■ **Task instructions**:
Among the lines below, take the one holding "elim: l p =>", the one holding "join_sep m = join_sep l ++ t", and all lines between them. Set them down exactly.

■ **Saved data entries**:
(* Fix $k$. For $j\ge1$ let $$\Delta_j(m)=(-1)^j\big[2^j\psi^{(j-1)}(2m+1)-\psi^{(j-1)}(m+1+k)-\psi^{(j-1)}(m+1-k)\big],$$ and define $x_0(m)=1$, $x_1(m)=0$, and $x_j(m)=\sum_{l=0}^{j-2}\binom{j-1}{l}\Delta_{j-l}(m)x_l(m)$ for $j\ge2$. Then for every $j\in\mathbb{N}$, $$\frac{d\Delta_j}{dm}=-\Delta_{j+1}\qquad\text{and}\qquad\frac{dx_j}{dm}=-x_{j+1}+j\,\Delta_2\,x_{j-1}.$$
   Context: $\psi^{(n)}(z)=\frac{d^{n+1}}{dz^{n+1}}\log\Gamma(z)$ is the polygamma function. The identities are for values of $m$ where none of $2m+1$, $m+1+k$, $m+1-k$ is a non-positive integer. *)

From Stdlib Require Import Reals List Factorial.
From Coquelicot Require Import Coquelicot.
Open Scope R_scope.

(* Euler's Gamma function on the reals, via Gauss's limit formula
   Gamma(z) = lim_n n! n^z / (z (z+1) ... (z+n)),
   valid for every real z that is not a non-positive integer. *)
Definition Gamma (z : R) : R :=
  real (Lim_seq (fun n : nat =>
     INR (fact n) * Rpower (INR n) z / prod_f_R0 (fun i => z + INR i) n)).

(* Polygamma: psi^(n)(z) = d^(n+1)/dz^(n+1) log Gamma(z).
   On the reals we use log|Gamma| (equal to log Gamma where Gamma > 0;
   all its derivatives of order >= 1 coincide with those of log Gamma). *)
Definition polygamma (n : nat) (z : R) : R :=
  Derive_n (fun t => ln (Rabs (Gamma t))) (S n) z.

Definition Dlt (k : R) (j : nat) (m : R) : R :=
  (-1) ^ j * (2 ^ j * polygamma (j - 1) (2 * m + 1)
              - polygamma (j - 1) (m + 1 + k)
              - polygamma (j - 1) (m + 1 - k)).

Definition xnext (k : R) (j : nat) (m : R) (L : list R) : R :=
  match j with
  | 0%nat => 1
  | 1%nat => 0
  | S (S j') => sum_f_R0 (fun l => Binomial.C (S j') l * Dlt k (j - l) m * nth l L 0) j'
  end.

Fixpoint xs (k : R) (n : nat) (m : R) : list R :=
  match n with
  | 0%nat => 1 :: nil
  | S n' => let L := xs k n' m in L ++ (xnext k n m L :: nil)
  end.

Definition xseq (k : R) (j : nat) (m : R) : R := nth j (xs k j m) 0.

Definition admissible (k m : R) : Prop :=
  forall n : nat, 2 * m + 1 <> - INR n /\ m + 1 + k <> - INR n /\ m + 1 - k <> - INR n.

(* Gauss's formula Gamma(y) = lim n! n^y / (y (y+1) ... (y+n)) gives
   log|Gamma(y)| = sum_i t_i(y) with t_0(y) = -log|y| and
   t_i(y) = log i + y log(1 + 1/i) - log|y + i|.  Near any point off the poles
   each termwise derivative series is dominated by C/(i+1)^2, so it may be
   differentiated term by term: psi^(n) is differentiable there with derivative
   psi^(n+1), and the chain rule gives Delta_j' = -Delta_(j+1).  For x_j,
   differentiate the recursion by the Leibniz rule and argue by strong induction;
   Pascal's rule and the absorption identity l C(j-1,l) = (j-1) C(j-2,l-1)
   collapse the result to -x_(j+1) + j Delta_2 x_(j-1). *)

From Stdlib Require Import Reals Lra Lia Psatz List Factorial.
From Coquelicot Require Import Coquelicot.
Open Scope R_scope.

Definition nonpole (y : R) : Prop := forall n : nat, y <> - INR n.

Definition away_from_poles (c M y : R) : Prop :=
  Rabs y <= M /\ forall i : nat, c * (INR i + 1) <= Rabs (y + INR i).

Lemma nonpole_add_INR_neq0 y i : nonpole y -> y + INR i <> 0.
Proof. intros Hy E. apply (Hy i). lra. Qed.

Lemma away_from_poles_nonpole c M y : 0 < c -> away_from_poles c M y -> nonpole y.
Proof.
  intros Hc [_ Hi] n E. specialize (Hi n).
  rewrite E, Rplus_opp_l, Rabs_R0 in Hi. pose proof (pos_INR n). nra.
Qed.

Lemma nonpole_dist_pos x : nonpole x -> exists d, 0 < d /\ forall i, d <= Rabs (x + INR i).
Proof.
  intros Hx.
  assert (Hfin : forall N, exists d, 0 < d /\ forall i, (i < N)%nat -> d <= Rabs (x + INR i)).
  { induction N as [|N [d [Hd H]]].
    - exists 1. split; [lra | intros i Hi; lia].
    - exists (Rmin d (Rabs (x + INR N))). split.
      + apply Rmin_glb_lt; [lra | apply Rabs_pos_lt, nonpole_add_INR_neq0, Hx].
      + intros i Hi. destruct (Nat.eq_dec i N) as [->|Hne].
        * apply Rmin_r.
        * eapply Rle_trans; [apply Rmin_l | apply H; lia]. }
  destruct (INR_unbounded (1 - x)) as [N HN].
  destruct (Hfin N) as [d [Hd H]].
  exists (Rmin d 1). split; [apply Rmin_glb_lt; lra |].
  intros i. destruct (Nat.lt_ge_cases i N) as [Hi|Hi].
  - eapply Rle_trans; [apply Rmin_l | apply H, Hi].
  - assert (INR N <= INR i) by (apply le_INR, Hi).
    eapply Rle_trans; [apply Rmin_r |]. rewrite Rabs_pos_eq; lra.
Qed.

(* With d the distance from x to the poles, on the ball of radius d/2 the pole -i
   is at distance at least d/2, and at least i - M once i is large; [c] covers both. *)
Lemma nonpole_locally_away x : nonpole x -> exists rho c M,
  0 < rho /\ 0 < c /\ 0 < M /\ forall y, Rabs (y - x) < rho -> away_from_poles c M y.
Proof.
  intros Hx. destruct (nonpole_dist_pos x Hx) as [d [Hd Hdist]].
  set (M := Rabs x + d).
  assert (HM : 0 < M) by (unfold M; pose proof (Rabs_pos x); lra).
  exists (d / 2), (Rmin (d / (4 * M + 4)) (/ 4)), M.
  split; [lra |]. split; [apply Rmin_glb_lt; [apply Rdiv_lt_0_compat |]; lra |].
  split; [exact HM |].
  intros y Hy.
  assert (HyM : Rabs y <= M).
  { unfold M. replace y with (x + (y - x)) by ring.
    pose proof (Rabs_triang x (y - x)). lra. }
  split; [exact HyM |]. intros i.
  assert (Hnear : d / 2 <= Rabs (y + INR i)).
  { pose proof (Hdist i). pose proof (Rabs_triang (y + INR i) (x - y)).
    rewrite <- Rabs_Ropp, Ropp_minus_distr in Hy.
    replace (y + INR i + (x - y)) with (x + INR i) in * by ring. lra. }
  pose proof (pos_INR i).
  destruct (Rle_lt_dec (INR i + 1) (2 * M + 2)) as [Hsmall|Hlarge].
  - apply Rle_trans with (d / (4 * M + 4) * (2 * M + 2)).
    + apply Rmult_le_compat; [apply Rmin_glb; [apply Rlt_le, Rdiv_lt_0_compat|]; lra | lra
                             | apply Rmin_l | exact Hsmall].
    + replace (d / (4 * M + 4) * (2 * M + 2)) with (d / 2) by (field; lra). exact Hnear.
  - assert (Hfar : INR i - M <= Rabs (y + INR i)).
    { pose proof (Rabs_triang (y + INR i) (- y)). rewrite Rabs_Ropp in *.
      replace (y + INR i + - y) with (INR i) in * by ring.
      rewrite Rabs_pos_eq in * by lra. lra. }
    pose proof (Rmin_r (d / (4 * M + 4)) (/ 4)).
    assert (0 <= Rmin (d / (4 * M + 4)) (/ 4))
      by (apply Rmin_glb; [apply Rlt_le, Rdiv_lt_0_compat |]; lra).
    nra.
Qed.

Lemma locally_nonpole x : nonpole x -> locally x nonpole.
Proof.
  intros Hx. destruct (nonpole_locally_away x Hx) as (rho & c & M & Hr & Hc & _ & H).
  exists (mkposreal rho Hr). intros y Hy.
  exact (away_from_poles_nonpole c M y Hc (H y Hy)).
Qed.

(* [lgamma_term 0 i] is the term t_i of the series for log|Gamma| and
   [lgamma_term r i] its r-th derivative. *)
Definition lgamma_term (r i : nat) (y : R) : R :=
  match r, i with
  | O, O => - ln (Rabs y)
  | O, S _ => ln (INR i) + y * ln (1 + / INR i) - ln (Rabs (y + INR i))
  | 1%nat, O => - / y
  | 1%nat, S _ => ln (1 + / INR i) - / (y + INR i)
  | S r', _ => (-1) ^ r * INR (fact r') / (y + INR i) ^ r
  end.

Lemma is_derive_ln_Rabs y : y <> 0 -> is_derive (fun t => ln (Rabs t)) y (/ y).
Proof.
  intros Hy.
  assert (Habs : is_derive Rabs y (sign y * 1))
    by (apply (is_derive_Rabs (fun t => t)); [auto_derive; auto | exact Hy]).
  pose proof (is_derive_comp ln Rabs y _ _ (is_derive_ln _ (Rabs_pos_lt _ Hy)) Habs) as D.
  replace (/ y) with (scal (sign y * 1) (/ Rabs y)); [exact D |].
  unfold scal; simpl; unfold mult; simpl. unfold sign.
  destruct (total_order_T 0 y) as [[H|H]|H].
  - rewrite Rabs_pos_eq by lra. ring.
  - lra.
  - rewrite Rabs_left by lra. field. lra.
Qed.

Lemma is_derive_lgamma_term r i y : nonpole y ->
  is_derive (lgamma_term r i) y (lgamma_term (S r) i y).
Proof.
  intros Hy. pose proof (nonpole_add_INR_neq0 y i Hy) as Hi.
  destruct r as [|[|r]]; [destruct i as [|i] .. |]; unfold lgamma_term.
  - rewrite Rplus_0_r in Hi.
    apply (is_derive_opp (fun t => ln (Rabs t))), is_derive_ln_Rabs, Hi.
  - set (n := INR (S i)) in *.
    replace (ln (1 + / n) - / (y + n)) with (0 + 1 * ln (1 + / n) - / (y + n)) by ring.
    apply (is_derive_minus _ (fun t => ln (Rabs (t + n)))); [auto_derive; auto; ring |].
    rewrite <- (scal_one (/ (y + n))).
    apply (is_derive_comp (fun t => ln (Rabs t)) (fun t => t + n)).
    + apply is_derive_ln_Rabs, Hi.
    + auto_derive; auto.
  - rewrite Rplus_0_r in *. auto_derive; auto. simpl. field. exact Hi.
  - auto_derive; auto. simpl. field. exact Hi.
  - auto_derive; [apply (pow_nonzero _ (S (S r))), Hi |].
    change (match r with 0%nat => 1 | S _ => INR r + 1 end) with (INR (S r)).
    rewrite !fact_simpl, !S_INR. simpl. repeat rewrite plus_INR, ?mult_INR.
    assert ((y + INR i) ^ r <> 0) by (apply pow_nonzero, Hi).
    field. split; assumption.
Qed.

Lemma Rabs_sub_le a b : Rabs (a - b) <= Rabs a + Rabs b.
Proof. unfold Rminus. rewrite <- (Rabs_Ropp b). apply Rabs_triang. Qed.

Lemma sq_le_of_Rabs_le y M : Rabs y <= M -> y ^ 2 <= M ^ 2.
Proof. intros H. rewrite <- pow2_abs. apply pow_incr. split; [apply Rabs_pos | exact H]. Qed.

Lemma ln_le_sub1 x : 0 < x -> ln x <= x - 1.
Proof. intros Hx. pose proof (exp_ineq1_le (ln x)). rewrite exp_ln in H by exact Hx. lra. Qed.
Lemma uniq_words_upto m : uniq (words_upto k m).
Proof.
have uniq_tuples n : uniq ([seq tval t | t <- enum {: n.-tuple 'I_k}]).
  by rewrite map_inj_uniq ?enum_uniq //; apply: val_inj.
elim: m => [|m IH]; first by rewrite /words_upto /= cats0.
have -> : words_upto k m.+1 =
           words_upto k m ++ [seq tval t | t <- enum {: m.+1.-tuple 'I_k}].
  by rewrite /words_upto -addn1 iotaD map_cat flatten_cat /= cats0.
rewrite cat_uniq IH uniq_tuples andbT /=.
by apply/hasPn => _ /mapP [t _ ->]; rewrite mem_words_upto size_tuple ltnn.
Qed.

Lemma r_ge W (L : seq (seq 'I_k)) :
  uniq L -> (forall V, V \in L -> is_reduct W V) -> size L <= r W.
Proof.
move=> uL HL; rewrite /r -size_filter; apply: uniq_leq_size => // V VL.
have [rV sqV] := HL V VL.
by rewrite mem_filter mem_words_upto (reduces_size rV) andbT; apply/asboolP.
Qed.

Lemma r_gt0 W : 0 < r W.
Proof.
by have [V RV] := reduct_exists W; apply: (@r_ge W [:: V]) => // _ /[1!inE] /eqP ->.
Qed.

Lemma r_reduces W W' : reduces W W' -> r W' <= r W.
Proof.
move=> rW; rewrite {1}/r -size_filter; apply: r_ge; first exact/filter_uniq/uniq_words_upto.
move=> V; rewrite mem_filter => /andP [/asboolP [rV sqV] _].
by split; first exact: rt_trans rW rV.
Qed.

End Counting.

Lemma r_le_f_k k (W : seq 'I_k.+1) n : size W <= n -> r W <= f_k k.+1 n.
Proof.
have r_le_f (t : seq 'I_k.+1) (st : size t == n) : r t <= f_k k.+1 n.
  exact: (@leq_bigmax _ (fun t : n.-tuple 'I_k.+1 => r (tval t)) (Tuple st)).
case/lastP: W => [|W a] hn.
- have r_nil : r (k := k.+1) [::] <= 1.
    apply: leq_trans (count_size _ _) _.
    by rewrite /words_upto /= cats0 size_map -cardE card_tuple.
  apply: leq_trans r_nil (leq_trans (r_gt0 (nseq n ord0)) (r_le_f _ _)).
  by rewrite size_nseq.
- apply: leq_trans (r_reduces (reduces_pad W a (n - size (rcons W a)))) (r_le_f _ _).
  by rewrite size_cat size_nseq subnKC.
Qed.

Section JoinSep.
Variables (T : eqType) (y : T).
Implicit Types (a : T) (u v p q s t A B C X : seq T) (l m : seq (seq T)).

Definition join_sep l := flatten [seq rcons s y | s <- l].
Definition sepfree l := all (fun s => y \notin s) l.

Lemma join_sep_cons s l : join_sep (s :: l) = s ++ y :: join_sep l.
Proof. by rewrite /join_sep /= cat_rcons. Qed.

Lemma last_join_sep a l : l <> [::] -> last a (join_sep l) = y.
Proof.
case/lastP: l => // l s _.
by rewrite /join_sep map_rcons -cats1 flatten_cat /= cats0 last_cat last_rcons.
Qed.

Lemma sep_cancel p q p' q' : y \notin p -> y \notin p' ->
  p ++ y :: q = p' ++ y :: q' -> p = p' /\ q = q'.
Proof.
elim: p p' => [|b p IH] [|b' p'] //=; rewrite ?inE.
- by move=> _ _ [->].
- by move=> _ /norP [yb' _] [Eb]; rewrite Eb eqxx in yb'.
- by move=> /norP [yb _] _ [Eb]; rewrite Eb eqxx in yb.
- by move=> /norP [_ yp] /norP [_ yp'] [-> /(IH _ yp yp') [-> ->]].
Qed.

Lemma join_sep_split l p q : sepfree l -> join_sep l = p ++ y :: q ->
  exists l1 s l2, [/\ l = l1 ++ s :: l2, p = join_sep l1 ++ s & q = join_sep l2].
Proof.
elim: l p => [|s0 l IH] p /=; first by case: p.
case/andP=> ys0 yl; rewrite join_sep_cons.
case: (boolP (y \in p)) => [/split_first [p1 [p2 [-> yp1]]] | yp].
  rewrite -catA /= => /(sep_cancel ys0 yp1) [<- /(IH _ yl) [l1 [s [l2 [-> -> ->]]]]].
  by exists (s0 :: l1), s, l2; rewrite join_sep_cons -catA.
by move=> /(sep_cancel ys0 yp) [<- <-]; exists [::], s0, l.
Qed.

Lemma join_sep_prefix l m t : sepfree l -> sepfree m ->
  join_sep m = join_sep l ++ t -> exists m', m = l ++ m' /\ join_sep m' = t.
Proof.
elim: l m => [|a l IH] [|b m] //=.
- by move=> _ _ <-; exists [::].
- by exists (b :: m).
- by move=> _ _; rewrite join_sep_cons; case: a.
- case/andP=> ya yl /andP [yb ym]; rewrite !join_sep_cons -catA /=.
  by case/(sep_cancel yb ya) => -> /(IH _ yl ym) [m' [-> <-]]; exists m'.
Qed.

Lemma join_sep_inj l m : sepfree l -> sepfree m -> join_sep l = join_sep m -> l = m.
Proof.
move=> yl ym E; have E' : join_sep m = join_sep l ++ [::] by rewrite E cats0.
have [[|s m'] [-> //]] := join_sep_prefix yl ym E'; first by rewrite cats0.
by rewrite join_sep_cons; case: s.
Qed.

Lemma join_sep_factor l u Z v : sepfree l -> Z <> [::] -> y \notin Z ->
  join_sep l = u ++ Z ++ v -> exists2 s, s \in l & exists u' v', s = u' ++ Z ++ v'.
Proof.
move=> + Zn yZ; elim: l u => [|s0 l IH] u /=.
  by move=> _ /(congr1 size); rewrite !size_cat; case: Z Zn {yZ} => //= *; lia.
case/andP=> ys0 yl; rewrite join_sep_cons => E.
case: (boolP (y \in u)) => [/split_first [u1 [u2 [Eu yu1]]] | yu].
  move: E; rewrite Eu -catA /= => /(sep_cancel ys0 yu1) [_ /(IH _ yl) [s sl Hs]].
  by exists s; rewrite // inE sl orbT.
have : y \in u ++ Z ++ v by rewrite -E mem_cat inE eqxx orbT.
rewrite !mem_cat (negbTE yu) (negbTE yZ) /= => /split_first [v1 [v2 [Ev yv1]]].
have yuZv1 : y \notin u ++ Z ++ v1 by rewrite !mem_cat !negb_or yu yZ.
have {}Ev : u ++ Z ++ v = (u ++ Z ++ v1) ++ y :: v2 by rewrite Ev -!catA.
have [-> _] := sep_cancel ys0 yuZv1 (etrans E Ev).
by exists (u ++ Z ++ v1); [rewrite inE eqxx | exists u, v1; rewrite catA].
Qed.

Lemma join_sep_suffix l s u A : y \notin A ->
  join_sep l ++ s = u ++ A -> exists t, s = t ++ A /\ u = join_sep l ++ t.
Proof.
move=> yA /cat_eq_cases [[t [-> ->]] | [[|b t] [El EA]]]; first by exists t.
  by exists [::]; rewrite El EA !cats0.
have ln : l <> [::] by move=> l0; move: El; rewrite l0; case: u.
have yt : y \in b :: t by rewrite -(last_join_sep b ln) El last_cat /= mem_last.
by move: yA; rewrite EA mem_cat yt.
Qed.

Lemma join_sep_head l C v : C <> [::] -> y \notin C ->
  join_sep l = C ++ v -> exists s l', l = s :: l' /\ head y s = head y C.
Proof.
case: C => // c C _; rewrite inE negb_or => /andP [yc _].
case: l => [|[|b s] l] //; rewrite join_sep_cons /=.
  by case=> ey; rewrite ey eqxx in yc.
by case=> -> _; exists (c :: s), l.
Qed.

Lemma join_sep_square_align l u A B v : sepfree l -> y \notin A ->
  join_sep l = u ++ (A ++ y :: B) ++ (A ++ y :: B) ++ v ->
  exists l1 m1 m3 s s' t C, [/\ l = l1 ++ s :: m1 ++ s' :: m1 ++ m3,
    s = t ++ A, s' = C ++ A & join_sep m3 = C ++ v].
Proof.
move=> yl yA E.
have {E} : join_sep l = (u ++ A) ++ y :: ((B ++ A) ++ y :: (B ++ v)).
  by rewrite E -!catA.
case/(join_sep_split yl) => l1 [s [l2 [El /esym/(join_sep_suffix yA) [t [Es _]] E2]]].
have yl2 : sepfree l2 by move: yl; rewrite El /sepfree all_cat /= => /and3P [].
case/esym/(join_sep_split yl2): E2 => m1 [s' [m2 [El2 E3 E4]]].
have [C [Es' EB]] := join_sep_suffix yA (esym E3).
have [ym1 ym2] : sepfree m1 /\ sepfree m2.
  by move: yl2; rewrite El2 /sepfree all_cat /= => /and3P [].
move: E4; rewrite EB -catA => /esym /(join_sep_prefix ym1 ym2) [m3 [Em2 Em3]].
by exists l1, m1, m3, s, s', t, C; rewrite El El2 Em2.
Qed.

■ **Output for this exercise**:
elim: l p => [|s0 l IH] p /=; first by case: p.
case/andP=> ys0 yl; rewrite join_sep_cons.
case: (boolP (y \in p)) => [/split_first [p1 [p2 [-> yp1]]] | yp].
  rewrite -catA /= => /(sep_cancel ys0 yp1) [<- /(IH _ yl) [l1 [s [l2 [-> -> ->]]]]].
  by exists (s0 :: l1), s, l2; rewrite join_sep_cons -catA.
by move=> /(sep_cancel ys0 yp) [<- <-]; exists [::], s0, l.
Qed.

Lemma join_sep_prefix l m t : sepfree l -> sepfree m ->
  join_sep m = join_sep l ++ t -> exists m', m = l ++ m' /\ join_sep m' = t.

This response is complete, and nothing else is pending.